Reproduce word for word, from the entries below, the line with "pose param (b", the line with "- by move=> b /cardB; exact: nth_enum_inj.", and every line between them, and nothing more.

*** Opening EXTRACTED INFORMATION ***

(* Let $t,w,w',n,g$ be positive integers. If there exists a Steiner system $\mathrm{S}(t,w',n)$ and a $\mathrm{GMHP}^*(t,w,w',g)$, then there exists a $\mathrm{GMHP}^*(t,w,n,g)$.
   Context: A Steiner system $\mathrm{S}(t,k,n)$ is a pair $(X,\mathcal{B})$ with $|X|=n$ and $\mathcal{B}$ a family of $k$-subsets (blocks) of $X$ such that every $t$-subset of $X$ lies in exactly one block. For a set $Y$ of size $m$, let $X=Y\times[g]$ with groups $\{y\}\times[g]$, $y\in Y$. An H-packing $\mathrm{HP}(m,g,w,t)$ is a family of $w$-subsets (blocks) of $X$, each meeting every group in at most one point, such that every $t$-subset of $X$ with points in $t$ distinct groups lies in at most one block. A block $\{(y_1,a_1),\dots,(y_w,a_w)\}$ is identified with the word indexed by $Y$ over $\{0\}\cup[g]$ with entry $a_s$ at coordinate $y_s$ and $0$ elsewhere. A $\mathrm{GMHP}^*(t,w,m,g)$ is an $\mathrm{HP}(m,g,w,t)$ in which any two distinct blocks have Hamming distance at least $2(w-t+1)$ and which has exactly $g^{t-1}\binom{m}{t}/\binom{w}{t}$ blocks. *)

From mathcomp Require Import all_boot all_order all_algebra.
Set Implicit Arguments. Unset Strict Implicit. Unset Printing Implicit Defensive.

Definition steiner_system (t k n : nat) (B : {set {set 'I_n}}) : Prop :=
  (forall b, b \in B -> #|b| = k) /\
  (forall T : {set 'I_n}, #|T| = t -> #|[set b in B | T \subset b]| = 1).

(* Words indexed by Y = 'I_m over the alphabet {0} u [g], where [g] = {1..g}
   is encoded by the ordinals 1..g of 'I_(g.+1). *)
Definition word (m g : nat) := {ffun 'I_m -> 'I_g.+1}.

(* Points of X = Y x [g]; the point (y, a) with a : 'I_g stands for (y, a+1).
   Group of a point = its first component. *)
Definition point (m g : nat) := ('I_m * 'I_g)%type.

Definition in_block m g (u : word m g) (p : point m g) : bool :=
  val (u p.1) == (val p.2).+1.

Definition weight m g (u : word m g) : nat := #|[set i | u i != ord0]|.

Definition hdist m g (u v : word m g) : nat := #|[set i | u i != v i]|.

(* H-packing HP(m,g,w,t): blocks are w-subsets meeting each group in at most
   one point (automatic for words; size w = weight w), and every t-subset with
   points in t distinct groups is contained in at most one block. *)
Definition H_packing (m g w t : nat) (C : {set word m g}) : Prop :=
  (forall u, u \in C -> weight u = w) /\
  (forall S : {set point m g}, #|S| = t ->
     {in S &, forall p q, p.1 = q.1 -> p = q} ->
     #|[set u in C | [forall p in S, in_block u p]]| <= 1).

Definition GMHP_star (t w m g : nat) (C : {set word m g}) : Prop :=
  @H_packing m g w t C /\
  (forall u v, u \in C -> v \in C -> u != v -> 2 * (w - t + 1) <= hdist u v) /\
  (#|C|%:Q = (g ^ (t - 1) * 'C(m, t))%N%:Q / ('C(w, t))%:Q)%R.

From mathcomp Require Import all_boot all_order all_algebra.
From mathcomp Require Import ring zify.
Set Implicit Arguments. Unset Strict Implicit. Unset Printing Implicit Defensive.

(* Proof idea: place a copy of the code C on every block b of the Steiner
   system, through a bijection [w'] -> b, padding with zeros outside b.  Two
   copies on the same block inherit the packing and distance properties of C.
   Copies on distinct blocks have supports meeting in fewer than t coordinates,
   which both forces Hamming distance at least 2(w - t + 1) and prevents a
   t-set of points from lying in both.  Counting gives
   |B| |C| = C(n,t)/C(w',t) * g^(t-1) C(w',t)/C(w,t). *)

Lemma exists_subset_card (T : finType) (A : {set T}) k :
  k <= #|A| -> exists2 X : {set T}, X \subset A & #|X| = k.
Proof.
move=> le_kA.
have : 0 < #|[set X : {set T} | X \subset A & #|X| == k]| by rewrite cards_draws bin_gt0.
by case/card_gt0P => X; rewrite inE => /andP[sXA /eqP cardX]; exists X.
Qed.

Section Steiner.
Variables (t k n : nat) (B : {set {set 'I_n}}).
Hypothesis steinerB : @steiner_system t k n B.

Lemma card_steiner_blocks : #|B| * 'C(k, t) = 'C(n, t).
Proof.
have [cardB uniqB] := steinerB.
rewrite -[in RHS](card_ord n) -(card_draws _ t).
transitivity (\sum_(T in [set T : {set 'I_n} | #|T| == t])
                \sum_(b in B) (T \subset b : nat)).
  rewrite exchange_big /= -sum_nat_const; apply: eq_bigr => b bB.
  rewrite -(cardB b bB) -cards_draws -sum1_card big_mkcond [RHS]big_mkcond /=.
  by apply: eq_bigr => T _; rewrite !inE; case: (T \subset b); case: (#|T| == t).
rewrite -sum1_card; apply: eq_bigr => T; rewrite inE => /eqP /uniqB <-.
rewrite -sum1_card big_mkcond [RHS]big_mkcond /=; apply: eq_bigr => b _.
by rewrite !inE; case: (b \in B); case: (T \subset b).
Qed.

Lemma steiner_block_uniq (T b b' : {set 'I_n}) : #|T| = t ->
  b \in B -> b' \in B -> T \subset b -> T \subset b' -> b = b'.
Proof.
move=> cardT bB b'B Tb Tb'.
have /eqP/cards1P [c defc] := steinerB.2 T cardT.
have : b \in [set c] by rewrite -defc inE bB Tb.
have : b' \in [set c] by rewrite -defc inE b'B Tb'.
by rewrite !inE => /eqP -> /eqP ->.
Qed.

Lemma steiner_cardI_lt (b b' : {set 'I_n}) :
  b \in B -> b' \in B -> b != b' -> #|b :&: b'| < t.
Proof.
move=> bB b'B neq_bb'; rewrite ltnNge; apply/negP => /exists_subset_card[T].
rewrite subsetI => /andP[Tb Tb'] cardT.
by rewrite (steiner_block_uniq cardT bB b'B Tb Tb') eqxx in neq_bb'.
Qed.

End Steiner.

Definition supp m g (u : word m g) : {set 'I_m} := [set i | u i != ord0].

Definition groups m g (S : {set point m g}) : {set 'I_m} := [set p.1 | p in S].

Lemma supp_in_block m g (u : word m g) (p : point m g) : in_block u p -> p.1 \in supp u.
Proof. by rewrite /in_block inE; apply: contraTneq => ->. Qed.

Lemma groups_sub_supp m g (u : word m g) (S : {set point m g}) :
  [forall p in S, in_block u p] -> groups S \subset supp u.
Proof.
move/forall_inP=> Su; apply/subsetP => _ /imsetP[p pS ->].
exact: supp_in_block (Su p pS).
Qed.

Lemma hdist_ge_of_cardI_supp m g (u v : word m g) (w t : nat) :
  weight u = w -> weight v = w -> t <= w ->
  #|supp u :&: supp v| < t -> 2 * (w - t + 1) <= hdist u v.
Proof.
rewrite /weight /hdist -!/(supp _) => wu wv le_tw ltI.
set Z : {set 'I_m} := [set i | u i != v i].
have suppDu : supp u :\: supp v \subset Z :&: supp u.
  by apply/subsetP => i; rewrite !inE => /andP[/negPn/eqP-> ->].
have suppDv : supp v :\: supp u \subset Z :\: supp u.
  by apply/subsetP => i; rewrite !inE => /andP[/negPn/eqP-> nz_vi]; rewrite eqxx eq_sym.
move: (subset_leq_card suppDu) (subset_leq_card suppDv) (cardsID (supp u) Z).
rewrite !cardsD wu wv [supp v :&: _]setIC.
(* Equal cardinals occur with differently annotated set types, which lia would
   treat as distinct atoms. *)
move: #|Z| #|Z :&: supp u| #|supp u :&: supp v| ltI => nZ nZu nI; lia.
Qed.

Section Spread.
Variables (k n g : nat) (f : 'I_k -> 'I_n).
Hypothesis f_inj : injective f.

Definition spread (u : word k g) : word n g :=
  [ffun i => if [pick j | f j == i] is Some j then u j else ord0].

Lemma spread_f (u : word k g) j : spread u (f j) = u j.
Proof.
by rewrite ffunE; case: pickP => [j' /eqP/f_inj -> // | /(_ j)]; rewrite eqxx.
Qed.

Lemma spread_out (u : word k g) i : i \notin codom f -> spread u i = ord0.
Proof.
move=> i_f; rewrite ffunE; case: pickP => // j /eqP fj.
by rewrite -fj codom_f in i_f.
Qed.

Lemma spread_neq (u v : word k g) :
  [set i | spread u i != spread v i] = f @: [set j | u j != v j].
Proof.
apply/setP => i; rewrite inE; have [/codomP[j ->] | i_f] := boolP (i \in codom f).
  by rewrite !spread_f (mem_imset _ _ f_inj) inE.
rewrite !spread_out // eqxx; apply/esym/negbTE/imsetP => -[j _ fj].
by rewrite fj codom_f in i_f.
Qed.

Lemma supp_spread (u : word k g) : supp (spread u) = f @: supp u.
Proof.
apply/setP => i; rewrite inE; have [/codomP[j ->] | i_f] := boolP (i \in codom f).
  by rewrite spread_f (mem_imset _ _ f_inj) inE.
rewrite spread_out // eqxx; apply/esym/negbTE/imsetP => -[j _ fj].
by rewrite fj codom_f in i_f.
Qed.

Lemma weight_spread (u : word k g) : weight (spread u) = weight u.
Proof. by rewrite /weight -!/(supp _) supp_spread card_imset. Qed.

Lemma hdist_spread (u v : word k g) : hdist (spread u) (spread v) = hdist u v.
Proof. by rewrite /hdist spread_neq card_imset. Qed.

Lemma spread_inj : injective spread.
Proof. by move=> u v eq_uv; apply/ffunP => j; rewrite -!spread_f eq_uv. Qed.

Definition unspread_points (S : {set point n g}) : {set point k g} :=
  [set q | (f q.1, q.2) \in S].

Section Unspread.
Variable S : {set point n g}.
Hypothesis groupsS : groups S \subset codom f.

Lemma unspread_pointsK : [set (f q.1, q.2) | q in unspread_points S] = S.
Proof.
apply/setP => -[i a]; apply/imsetP/idP => [[q] | iaS]; first by rewrite inE => ? ->.
have /codomP[j fj] : i \in codom f by apply: (subsetP groupsS); exact: imset_f iaS.
by exists (j, a); rewrite ?inE /= -fj.
Qed.

Lemma card_unspread_points : #|unspread_points S| = #|S|.
Proof.
by rewrite -{2}unspread_pointsK card_imset // => -[j a] [j' a'] [/f_inj-> ->].
Qed.

Lemma unspread_points_groups :
  {in S &, forall p q, p.1 = q.1 -> p = q} ->
  {in unspread_points S &, forall p q, p.1 = q.1 -> p = q}.
Proof.
move=> grpS [j a] [j' a']; rewrite !inE /= => + j'a'S eq_jj'; rewrite eq_jj' => jaS.
by case: (grpS _ _ jaS j'a'S erefl) => ->.
Qed.

Lemma in_block_spread (u : word k g) :
  [forall p in S, in_block (spread u) p] =
  [forall q in unspread_points S, in_block u q].
Proof.
rewrite -{1}unspread_pointsK; apply/forall_inP/forall_inP => Su q qS.
  by have := Su _ (imset_f _ qS); rewrite /in_block spread_f.
by case/imsetP: qS => q' q'S ->; rewrite /in_block spread_f; exact: Su.
Qed.

End Unspread.
End Spread.

Lemma nth_enum_inj n k (x0 : 'I_n) (b : {set 'I_n}) :
  #|b| = k -> injective (fun j : 'I_k => nth x0 (enum b) j).
Proof.
move=> cardb j j' /eqP; rewrite nth_uniq ?enum_uniq // -?cardE ?cardb //.
by move/eqP/val_inj.
Qed.

Lemma codom_nth_enum n k (x0 : 'I_n) (b : {set 'I_n}) :
  #|b| = k -> codom (fun j : 'I_k => nth x0 (enum b) j) =i b.
Proof.
move=> cardb i; apply/codomP/idP => [[j ->] | ib].
  by rewrite -mem_enum mem_nth // -cardE cardb.
have ltik : index i (enum b) < k by rewrite -cardb cardE index_mem mem_enum.
by exists (Ordinal ltik); rewrite nth_index ?mem_enum.
Qed.

Lemma GMHP_star_set0 t w m g : w < t -> @GMHP_star t w m g set0.
Proof.
move=> lt_wt; split; [split|split].
- by move=> u; rewrite inE.
- move=> S _ _; rewrite (_ : [set u in set0 | _] = set0) ?cards0 //.
  by apply/setP => u; rewrite !inE.
- by move=> u v; rewrite inE.
(* C(w,t) = 0, and division by 0 is 0 in rat *)
- by rewrite cards0 (bin_small lt_wt) GRing.invr0 GRing.mulr0.
Qed.

Section Construction.
Variables (t w k n g : nat) (B : {set {set 'I_n}}) (C : {set word k g}).
Hypotheses (steinerB : @steiner_system t k n B) (gmhpC : @GMHP_star t w k g C).
Hypothesis le_tw : t <= w.
Variable param : {set 'I_n} -> 'I_k -> 'I_n.
Hypotheses (param_inj : {in B, forall b, injective (param b)})
           (codom_param : {in B, forall b, codom (param b) =i b}).

Definition place (bu : {set 'I_n} * word k g) : word n g := spread (param bu.1) bu.2.

Definition placed_code : {set word n g} := place @: setX B C.

Lemma supp_place b u : b \in B -> supp (place (b, u)) \subset b.
Proof.
move=> bB; rewrite (supp_spread (param_inj bB)); apply/subsetP => _ /imsetP[j _ ->].
by rewrite -(codom_param bB) codom_f.
Qed.

Lemma weight_place b u : b \in B -> u \in C -> weight (place (b, u)) = w.
Proof. by move=> bB uC; rewrite (weight_spread (param_inj bB)); exact: gmhpC.1.1. Qed.

Lemma hdist_place_blocks b u b' u' : b \in B -> u \in C -> b' \in B -> u' \in C ->
  b != b' -> 2 * (w - t + 1) <= hdist (place (b, u)) (place (b', u')).
Proof.
move=> bB uC b'B u'C neq_bb'; apply: hdist_ge_of_cardI_supp; rewrite ?weight_place //.
apply: leq_ltn_trans (steiner_cardI_lt steinerB bB b'B neq_bb').
by apply/subset_leq_card/setISS; exact: supp_place.
Qed.

Lemma hdist_placed_code :
  {in placed_code &, forall x y, x != y -> 2 * (w - t + 1) <= hdist x y}.
Proof.
move=> _ _ /imsetP[[b u] /setXP[bB uC] ->] /imsetP[[b' u'] /setXP[b'B u'C] ->] neq.
have [eq_bb' | ] := eqVneq b b'; last exact: hdist_place_blocks.
move: neq; rewrite -{}eq_bb' /place /= (hdist_spread (param_inj bB)) => neq.
by apply: gmhpC.2.1 => //; apply: contraNneq neq => ->.
Qed.

Lemma place_inj : {in setX B C &, injective place}.
Proof.
move=> [b u] [b' u'] /setXP[bB uC] /setXP[b'B u'C] eq_place.
have [eq_bb' | neq_bb'] := eqVneq b b'.
  by move: eq_place; rewrite -eq_bb' => /(spread_inj (param_inj bB)) /= ->.
have := hdist_place_blocks bB uC b'B u'C neq_bb'.
rewrite eq_place /hdist (_ : [set i | _] = set0) ?cards0 ?leqn0 ?muln_eq0 ?addn1 //.
by apply/setP => i; rewrite !inE eqxx.
Qed.

Lemma packing_placed_code : @H_packing n g w t placed_code.
Proof.
split=> [_ /imsetP[[b u] /setXP[bB uC] ->] | S cardS grpS]; first exact: weight_place.
apply/card_le1_eqP => x y; rewrite !inE.
case/andP=> /imsetP[[b u] /setXP[bB uC] ->{x}] Su.
case/andP=> /imsetP[[b' u'] /setXP[b'B u'C] ->{y}] Su'.
have cardT : #|groups S| = t by rewrite card_in_imset.
have groupsS c v : [forall p in S, in_block (place (c, v)) p] -> c \in B -> groups S \subset c.
  by move=> Sv cB; apply: subset_trans (groups_sub_supp Sv) (supp_place _ cB).
have eq_bb' :=
  steiner_block_uniq steinerB cardT bB b'B (groupsS _ _ Su bB) (groupsS _ _ Su' b'B).
move: Su' b'B u'C; rewrite -{}eq_bb' => Su' _ u'C.
have Sf : groups S \subset codom (param b).
  by apply/subsetP => i /(subsetP (groupsS _ _ Su bB)); rewrite codom_param.
move: Su Su'; rewrite /place /= !(in_block_spread (param_inj bB) Sf) => Su Su'.
have := gmhpC.1.2 _ (etrans (card_unspread_points (param_inj bB) Sf) cardS)
          (unspread_points_groups (f := param b) grpS).
by move/card_le1_eqP/(_ u u'); rewrite !inE uC u'C Su Su' => /(_ erefl erefl) ->.
Qed.

Lemma card_placed_code :
  (#|placed_code|%:Q = (g ^ (t - 1) * 'C(n, t))%N%:Q / ('C(w, t))%:Q)%R.
Proof.
rewrite card_in_imset; last exact: place_inj.
rewrite cardsX -(card_steiner_blocks steinerB) !PoszM !GRing.rmorphM /=.
by rewrite gmhpC.2.2 !PoszM !GRing.rmorphM /=; ring.
Qed.

Lemma GMHP_star_placed_code : @GMHP_star t w n g placed_code.
Proof.
split; [exact: packing_placed_code | split].
- exact: hdist_placed_code.
- exact: card_placed_code.
Qed.

End Construction.

Theorem lemma3p8 (t w w' n g : nat) :
  0 < t -> 0 < w -> 0 < w' -> 0 < n -> 0 < g ->
  (exists B : {set {set 'I_n}}, @steiner_system t w' n B) ->
  (exists C : {set word w' g}, @GMHP_star t w w' g C) ->
  exists D : {set word n g}, @GMHP_star t w n g D.
Proof.
move=> _ _ _ n_gt0 _ [B steinerB] [C gmhpC].
have [le_tw | lt_wt] := leqP t w; last by exists set0; exact: GMHP_star_set0.
pose x0 : 'I_n := Ordinal n_gt0.
pose param (b : {set 'I_n}) (j : 'I_w') := nth x0 (enum b) j.
have cardB b : b \in B -> #|b| = w' by exact: steinerB.1.
exists (placed_code B C param).
apply: (GMHP_star_placed_code steinerB gmhpC le_tw (param := param)).
- by move=> b /cardB; exact: nth_enum_inj.
- by move=> b /cardB; exact: codom_nth_enum.
Qed.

*** Closing EXTRACTED INFORMATION ***

RESULT OF THE EXERCISE →
pose param (b : {set 'I_n}) (j : 'I_w') := nth x0 (enum b) j.
have cardB b : b \in B -> #|b| = w' by exact: steinerB.1.
exists (placed_code B C param).
apply: (GMHP_star_placed_code steinerB gmhpC le_tw (param := param)).
- by move=> b /cardB; exact: nth_enum_inj.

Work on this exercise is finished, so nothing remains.